Dataset entries |
________

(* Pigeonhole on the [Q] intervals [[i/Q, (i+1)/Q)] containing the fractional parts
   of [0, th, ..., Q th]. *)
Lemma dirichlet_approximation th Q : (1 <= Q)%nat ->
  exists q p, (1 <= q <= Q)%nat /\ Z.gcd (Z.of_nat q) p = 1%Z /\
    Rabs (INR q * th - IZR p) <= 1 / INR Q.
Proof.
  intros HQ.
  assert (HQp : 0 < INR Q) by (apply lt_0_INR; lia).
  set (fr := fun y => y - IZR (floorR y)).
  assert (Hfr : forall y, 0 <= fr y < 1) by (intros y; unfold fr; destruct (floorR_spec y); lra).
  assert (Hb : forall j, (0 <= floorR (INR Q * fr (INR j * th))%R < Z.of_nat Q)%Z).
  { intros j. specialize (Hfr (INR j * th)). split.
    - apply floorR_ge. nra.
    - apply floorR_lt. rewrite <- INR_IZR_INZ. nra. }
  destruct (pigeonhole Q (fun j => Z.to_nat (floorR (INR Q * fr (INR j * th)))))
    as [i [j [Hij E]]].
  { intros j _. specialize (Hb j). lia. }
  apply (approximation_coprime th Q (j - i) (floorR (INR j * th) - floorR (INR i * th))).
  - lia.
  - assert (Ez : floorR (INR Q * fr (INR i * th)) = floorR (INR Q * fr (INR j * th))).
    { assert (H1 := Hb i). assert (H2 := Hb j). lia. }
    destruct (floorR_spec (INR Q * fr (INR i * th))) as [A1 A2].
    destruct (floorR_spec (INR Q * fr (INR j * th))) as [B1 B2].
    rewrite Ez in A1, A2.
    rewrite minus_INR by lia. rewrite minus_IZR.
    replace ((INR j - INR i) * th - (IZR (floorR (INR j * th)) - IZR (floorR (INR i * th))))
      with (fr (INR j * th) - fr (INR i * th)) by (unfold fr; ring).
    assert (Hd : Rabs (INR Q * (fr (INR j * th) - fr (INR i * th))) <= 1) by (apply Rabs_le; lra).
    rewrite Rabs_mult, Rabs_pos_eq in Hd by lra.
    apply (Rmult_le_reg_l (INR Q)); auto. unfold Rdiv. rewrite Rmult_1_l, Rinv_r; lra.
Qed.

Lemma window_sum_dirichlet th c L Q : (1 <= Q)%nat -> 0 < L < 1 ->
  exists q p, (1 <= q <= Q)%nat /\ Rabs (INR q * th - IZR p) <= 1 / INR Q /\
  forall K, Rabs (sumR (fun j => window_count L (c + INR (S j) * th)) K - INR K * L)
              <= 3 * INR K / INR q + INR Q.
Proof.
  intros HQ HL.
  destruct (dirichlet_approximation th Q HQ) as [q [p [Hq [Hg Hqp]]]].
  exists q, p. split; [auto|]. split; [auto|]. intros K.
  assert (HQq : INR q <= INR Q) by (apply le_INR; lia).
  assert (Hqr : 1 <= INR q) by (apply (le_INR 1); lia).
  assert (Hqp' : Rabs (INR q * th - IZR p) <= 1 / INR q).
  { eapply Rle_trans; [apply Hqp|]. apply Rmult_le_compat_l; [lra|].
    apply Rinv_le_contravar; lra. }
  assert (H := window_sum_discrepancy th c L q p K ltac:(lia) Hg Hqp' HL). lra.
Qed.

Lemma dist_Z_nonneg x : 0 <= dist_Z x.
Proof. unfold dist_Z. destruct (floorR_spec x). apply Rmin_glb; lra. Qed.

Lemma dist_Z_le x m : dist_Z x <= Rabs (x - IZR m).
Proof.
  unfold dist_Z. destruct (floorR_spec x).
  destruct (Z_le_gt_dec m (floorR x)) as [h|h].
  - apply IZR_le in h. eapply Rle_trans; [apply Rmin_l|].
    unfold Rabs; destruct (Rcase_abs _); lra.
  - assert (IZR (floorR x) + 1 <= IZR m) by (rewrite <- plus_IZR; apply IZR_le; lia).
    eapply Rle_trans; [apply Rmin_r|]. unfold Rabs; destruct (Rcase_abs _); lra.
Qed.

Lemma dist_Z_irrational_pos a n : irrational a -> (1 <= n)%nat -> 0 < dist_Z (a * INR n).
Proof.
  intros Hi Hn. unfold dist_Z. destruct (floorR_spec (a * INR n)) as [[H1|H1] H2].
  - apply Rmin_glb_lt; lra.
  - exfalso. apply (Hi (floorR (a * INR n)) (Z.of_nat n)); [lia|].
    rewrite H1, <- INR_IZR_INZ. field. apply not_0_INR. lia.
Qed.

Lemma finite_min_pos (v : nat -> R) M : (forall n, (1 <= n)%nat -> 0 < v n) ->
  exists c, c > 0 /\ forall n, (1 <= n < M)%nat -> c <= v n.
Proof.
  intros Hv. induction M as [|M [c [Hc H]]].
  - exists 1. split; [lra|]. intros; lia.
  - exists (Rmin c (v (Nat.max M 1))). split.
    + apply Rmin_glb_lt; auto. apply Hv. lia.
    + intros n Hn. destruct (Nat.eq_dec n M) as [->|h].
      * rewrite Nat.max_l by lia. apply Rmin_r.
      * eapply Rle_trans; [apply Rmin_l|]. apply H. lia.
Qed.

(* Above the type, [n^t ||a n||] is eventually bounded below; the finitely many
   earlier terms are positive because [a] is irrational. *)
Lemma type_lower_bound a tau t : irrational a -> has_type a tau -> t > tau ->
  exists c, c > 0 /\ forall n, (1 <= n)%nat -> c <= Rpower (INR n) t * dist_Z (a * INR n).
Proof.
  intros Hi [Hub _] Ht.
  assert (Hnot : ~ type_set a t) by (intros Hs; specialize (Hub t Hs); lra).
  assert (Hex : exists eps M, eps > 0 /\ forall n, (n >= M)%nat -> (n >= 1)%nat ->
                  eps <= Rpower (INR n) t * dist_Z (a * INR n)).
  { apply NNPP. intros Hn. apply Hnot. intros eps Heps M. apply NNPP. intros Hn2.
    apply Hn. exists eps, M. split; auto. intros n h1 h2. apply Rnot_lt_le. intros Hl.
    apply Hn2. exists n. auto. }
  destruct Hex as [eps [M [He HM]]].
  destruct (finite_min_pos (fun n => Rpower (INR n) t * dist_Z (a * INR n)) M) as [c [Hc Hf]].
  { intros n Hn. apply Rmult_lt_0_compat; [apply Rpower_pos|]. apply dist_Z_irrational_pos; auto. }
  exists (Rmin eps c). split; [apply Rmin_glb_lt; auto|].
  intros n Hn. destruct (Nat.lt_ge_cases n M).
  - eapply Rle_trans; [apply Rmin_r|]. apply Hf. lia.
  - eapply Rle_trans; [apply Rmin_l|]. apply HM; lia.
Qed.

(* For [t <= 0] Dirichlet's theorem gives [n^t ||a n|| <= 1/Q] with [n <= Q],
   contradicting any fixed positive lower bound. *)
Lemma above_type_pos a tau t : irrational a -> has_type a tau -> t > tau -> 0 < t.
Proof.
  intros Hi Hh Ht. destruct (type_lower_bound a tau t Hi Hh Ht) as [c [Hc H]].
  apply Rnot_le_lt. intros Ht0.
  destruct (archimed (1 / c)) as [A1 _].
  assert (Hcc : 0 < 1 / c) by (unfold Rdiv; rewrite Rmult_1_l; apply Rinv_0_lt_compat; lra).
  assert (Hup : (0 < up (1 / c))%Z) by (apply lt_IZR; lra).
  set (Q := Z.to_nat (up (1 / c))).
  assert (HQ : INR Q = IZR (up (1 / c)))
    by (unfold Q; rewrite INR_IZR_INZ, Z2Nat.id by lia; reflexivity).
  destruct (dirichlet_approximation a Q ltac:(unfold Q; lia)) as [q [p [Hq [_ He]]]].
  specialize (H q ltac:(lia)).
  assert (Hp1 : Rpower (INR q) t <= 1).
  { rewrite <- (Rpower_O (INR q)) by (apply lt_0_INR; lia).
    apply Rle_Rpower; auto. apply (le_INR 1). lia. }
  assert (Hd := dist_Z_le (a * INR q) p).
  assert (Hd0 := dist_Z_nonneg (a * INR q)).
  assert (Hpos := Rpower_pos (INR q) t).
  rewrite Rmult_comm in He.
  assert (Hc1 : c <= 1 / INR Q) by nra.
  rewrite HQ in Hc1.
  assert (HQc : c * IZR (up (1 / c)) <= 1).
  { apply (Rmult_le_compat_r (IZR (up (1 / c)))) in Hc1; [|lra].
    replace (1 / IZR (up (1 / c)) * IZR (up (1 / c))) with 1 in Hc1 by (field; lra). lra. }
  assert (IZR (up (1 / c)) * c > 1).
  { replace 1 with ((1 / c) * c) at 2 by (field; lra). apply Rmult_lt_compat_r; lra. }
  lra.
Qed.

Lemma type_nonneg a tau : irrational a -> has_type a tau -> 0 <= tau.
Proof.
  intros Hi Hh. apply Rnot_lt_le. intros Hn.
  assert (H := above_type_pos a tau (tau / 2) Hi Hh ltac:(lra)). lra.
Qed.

________

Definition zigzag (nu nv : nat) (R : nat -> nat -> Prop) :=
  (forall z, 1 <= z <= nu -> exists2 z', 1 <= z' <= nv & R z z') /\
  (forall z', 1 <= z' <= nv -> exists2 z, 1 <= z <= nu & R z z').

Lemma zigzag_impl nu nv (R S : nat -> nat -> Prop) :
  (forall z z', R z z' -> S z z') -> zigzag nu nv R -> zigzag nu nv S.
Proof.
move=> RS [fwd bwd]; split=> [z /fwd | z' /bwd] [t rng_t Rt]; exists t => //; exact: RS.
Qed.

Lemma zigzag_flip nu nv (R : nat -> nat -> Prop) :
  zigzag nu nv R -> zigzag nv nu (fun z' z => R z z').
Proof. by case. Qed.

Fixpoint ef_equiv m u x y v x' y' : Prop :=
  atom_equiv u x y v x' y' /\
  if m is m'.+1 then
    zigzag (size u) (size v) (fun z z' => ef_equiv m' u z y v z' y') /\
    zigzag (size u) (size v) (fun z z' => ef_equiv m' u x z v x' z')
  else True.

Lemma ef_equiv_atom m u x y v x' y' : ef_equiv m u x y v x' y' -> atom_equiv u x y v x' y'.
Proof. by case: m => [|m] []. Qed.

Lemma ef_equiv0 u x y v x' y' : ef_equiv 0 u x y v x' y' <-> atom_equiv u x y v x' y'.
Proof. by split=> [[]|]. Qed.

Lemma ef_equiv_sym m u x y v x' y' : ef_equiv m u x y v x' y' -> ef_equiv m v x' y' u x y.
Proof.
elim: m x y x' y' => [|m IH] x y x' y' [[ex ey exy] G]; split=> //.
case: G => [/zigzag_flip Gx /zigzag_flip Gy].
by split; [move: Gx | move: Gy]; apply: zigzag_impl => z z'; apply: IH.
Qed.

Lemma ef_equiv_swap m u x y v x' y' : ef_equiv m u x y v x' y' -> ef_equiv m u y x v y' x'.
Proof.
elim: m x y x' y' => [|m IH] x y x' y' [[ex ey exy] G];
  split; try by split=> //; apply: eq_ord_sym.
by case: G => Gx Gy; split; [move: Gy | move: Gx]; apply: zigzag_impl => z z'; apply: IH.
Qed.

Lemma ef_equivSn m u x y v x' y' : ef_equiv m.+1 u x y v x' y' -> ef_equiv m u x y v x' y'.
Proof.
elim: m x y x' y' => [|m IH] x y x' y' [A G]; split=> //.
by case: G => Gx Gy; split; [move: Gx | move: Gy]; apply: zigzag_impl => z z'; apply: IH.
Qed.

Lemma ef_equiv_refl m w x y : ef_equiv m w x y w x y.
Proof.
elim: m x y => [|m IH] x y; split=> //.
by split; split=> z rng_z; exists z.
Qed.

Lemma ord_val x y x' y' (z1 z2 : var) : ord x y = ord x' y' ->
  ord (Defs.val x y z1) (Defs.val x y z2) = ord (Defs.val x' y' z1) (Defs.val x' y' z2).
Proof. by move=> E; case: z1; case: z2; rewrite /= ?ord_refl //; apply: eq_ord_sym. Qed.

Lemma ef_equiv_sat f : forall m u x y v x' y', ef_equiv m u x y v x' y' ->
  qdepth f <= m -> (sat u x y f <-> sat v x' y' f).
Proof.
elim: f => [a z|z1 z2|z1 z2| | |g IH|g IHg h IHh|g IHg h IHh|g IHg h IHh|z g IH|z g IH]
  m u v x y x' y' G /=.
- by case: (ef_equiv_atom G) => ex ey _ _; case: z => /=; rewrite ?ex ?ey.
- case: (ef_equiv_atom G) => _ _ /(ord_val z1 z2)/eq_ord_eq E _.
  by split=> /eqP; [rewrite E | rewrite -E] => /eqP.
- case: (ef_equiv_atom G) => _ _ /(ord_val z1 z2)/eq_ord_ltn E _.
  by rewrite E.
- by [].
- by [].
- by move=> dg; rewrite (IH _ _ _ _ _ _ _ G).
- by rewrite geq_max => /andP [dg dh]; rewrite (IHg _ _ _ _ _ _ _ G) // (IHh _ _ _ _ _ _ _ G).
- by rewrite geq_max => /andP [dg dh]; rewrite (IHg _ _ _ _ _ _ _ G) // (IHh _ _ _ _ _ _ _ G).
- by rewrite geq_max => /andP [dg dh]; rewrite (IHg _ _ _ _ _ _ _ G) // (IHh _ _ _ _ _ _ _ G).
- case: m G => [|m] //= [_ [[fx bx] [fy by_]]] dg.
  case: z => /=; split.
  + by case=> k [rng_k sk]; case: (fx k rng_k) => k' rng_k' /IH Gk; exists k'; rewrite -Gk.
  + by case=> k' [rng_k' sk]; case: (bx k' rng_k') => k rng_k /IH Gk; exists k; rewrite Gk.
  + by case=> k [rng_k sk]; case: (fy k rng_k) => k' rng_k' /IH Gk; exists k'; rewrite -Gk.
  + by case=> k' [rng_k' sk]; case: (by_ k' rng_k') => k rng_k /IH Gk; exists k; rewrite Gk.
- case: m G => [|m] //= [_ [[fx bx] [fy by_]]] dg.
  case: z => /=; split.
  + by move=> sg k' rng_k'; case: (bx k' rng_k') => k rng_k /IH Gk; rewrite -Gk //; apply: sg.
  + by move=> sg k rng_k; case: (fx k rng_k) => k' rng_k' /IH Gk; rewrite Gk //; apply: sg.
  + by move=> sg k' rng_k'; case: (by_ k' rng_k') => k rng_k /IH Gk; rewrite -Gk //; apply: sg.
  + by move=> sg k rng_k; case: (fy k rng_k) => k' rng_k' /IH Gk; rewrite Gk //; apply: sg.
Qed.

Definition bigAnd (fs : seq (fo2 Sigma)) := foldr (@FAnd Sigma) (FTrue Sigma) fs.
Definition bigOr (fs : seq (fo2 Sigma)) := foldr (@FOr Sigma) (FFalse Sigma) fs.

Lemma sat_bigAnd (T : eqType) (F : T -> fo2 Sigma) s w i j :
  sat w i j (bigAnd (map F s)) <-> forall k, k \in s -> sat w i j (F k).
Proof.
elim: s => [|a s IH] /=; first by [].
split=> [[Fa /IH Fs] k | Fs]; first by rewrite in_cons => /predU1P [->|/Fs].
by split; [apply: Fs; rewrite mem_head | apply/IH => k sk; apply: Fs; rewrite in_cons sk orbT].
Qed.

________

WORK INSTRUCTIONS | Above are the entries. Output exactly the lines beginning with the line that has "by case: G => Gx Gy; split; [move: Gx" and ending with the line that has "by rewrite E.".

RESPONSE TO THE TASK |
by case: G => Gx Gy; split; [move: Gx | move: Gy]; apply: zigzag_impl => z z'; apply: IH.
Qed.

Lemma ef_equiv_refl m w x y : ef_equiv m w x y w x y.
Proof.
elim: m x y => [|m IH] x y; split=> //.
by split; split=> z rng_z; exists z.
Qed.

Lemma ord_val x y x' y' (z1 z2 : var) : ord x y = ord x' y' ->
  ord (Defs.val x y z1) (Defs.val x y z2) = ord (Defs.val x' y' z1) (Defs.val x' y' z2).
Proof. by move=> E; case: z1; case: z2; rewrite /= ?ord_refl //; apply: eq_ord_sym. Qed.

Lemma ef_equiv_sat f : forall m u x y v x' y', ef_equiv m u x y v x' y' ->
  qdepth f <= m -> (sat u x y f <-> sat v x' y' f).
Proof.
elim: f => [a z|z1 z2|z1 z2| | |g IH|g IHg h IHh|g IHg h IHh|g IHg h IHh|z g IH|z g IH]
  m u v x y x' y' G /=.
- by case: (ef_equiv_atom G) => ex ey _ _; case: z => /=; rewrite ?ex ?ey.
- case: (ef_equiv_atom G) => _ _ /(ord_val z1 z2)/eq_ord_eq E _.
  by split=> /eqP; [rewrite E | rewrite -E] => /eqP.
- case: (ef_equiv_atom G) => _ _ /(ord_val z1 z2)/eq_ord_ltn E _.
  by rewrite E.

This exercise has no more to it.